═════ PROVIDED RECORDS

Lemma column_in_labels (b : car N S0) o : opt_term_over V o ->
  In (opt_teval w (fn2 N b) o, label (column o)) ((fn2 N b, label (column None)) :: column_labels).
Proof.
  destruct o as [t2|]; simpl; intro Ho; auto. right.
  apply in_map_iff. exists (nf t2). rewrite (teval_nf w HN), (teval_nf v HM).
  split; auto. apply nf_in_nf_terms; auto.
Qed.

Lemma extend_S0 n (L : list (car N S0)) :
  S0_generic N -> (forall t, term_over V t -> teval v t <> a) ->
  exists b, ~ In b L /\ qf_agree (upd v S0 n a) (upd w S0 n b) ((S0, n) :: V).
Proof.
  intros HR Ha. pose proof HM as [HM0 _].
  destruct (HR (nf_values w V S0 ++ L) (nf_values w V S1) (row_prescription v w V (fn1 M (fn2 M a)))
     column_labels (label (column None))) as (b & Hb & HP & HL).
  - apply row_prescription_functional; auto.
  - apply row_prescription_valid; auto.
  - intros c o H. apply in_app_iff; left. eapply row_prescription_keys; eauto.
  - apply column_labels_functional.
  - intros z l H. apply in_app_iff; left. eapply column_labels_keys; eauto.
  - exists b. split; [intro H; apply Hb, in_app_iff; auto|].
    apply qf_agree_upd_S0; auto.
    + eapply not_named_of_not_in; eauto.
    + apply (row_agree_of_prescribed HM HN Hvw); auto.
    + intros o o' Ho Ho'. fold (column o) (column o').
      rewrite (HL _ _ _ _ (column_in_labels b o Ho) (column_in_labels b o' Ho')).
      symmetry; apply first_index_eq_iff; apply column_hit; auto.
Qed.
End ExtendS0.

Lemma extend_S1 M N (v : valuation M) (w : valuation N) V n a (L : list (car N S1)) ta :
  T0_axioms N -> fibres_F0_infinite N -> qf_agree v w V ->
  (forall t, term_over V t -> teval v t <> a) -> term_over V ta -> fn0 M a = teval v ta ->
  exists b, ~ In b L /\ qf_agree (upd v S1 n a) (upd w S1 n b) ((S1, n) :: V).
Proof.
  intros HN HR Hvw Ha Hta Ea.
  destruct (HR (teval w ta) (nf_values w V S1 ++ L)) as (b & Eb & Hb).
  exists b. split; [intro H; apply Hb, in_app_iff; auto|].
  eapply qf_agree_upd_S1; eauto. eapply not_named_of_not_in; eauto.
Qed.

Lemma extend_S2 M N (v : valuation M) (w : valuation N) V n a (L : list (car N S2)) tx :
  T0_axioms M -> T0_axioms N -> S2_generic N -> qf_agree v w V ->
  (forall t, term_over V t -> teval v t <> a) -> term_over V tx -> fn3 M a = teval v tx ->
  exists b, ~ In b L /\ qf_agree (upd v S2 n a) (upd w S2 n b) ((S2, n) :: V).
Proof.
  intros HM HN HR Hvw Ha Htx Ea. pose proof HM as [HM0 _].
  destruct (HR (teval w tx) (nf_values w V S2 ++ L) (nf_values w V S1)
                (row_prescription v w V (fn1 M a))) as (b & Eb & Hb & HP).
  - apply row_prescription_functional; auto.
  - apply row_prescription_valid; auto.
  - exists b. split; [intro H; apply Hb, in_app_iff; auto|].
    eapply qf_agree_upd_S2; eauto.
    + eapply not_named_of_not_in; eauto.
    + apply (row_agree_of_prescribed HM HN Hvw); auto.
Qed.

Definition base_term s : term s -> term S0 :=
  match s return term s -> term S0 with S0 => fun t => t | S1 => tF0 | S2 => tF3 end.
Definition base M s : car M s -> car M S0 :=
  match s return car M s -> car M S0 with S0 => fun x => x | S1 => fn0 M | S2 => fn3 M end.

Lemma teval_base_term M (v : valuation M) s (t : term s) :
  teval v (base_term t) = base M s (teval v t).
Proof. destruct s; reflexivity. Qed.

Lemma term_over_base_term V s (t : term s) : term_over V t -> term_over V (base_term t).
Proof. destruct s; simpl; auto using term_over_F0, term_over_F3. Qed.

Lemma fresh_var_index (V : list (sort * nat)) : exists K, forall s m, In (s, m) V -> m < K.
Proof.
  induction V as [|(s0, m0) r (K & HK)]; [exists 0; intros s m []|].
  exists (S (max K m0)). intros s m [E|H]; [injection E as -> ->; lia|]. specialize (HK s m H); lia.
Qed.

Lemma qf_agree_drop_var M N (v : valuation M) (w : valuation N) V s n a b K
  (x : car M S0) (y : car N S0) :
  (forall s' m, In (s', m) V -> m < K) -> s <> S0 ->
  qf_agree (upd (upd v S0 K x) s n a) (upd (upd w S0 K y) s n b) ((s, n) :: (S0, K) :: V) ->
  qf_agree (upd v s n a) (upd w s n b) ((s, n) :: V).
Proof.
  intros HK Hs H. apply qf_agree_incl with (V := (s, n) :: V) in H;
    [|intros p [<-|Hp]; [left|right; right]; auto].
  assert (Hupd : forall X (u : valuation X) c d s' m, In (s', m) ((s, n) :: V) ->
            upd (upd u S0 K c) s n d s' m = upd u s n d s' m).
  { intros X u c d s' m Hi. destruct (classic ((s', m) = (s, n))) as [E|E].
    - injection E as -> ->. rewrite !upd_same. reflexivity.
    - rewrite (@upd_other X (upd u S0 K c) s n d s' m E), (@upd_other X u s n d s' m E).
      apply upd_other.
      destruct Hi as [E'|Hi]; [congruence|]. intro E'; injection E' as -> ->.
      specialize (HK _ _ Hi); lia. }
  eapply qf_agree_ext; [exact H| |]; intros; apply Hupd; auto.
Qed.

══════════

**YOUR ASSIGNMENT:** The reply should hold only the lines from the top of the records through the line that has "destruct o as", each one exact.

**THE COMPLETED TASK:**
Lemma column_in_labels (b : car N S0) o : opt_term_over V o ->
  In (opt_teval w (fn2 N b) o, label (column o)) ((fn2 N b, label (column None)) :: column_labels).
Proof.
  destruct o as [t2|]; simpl; intro Ho; auto. right.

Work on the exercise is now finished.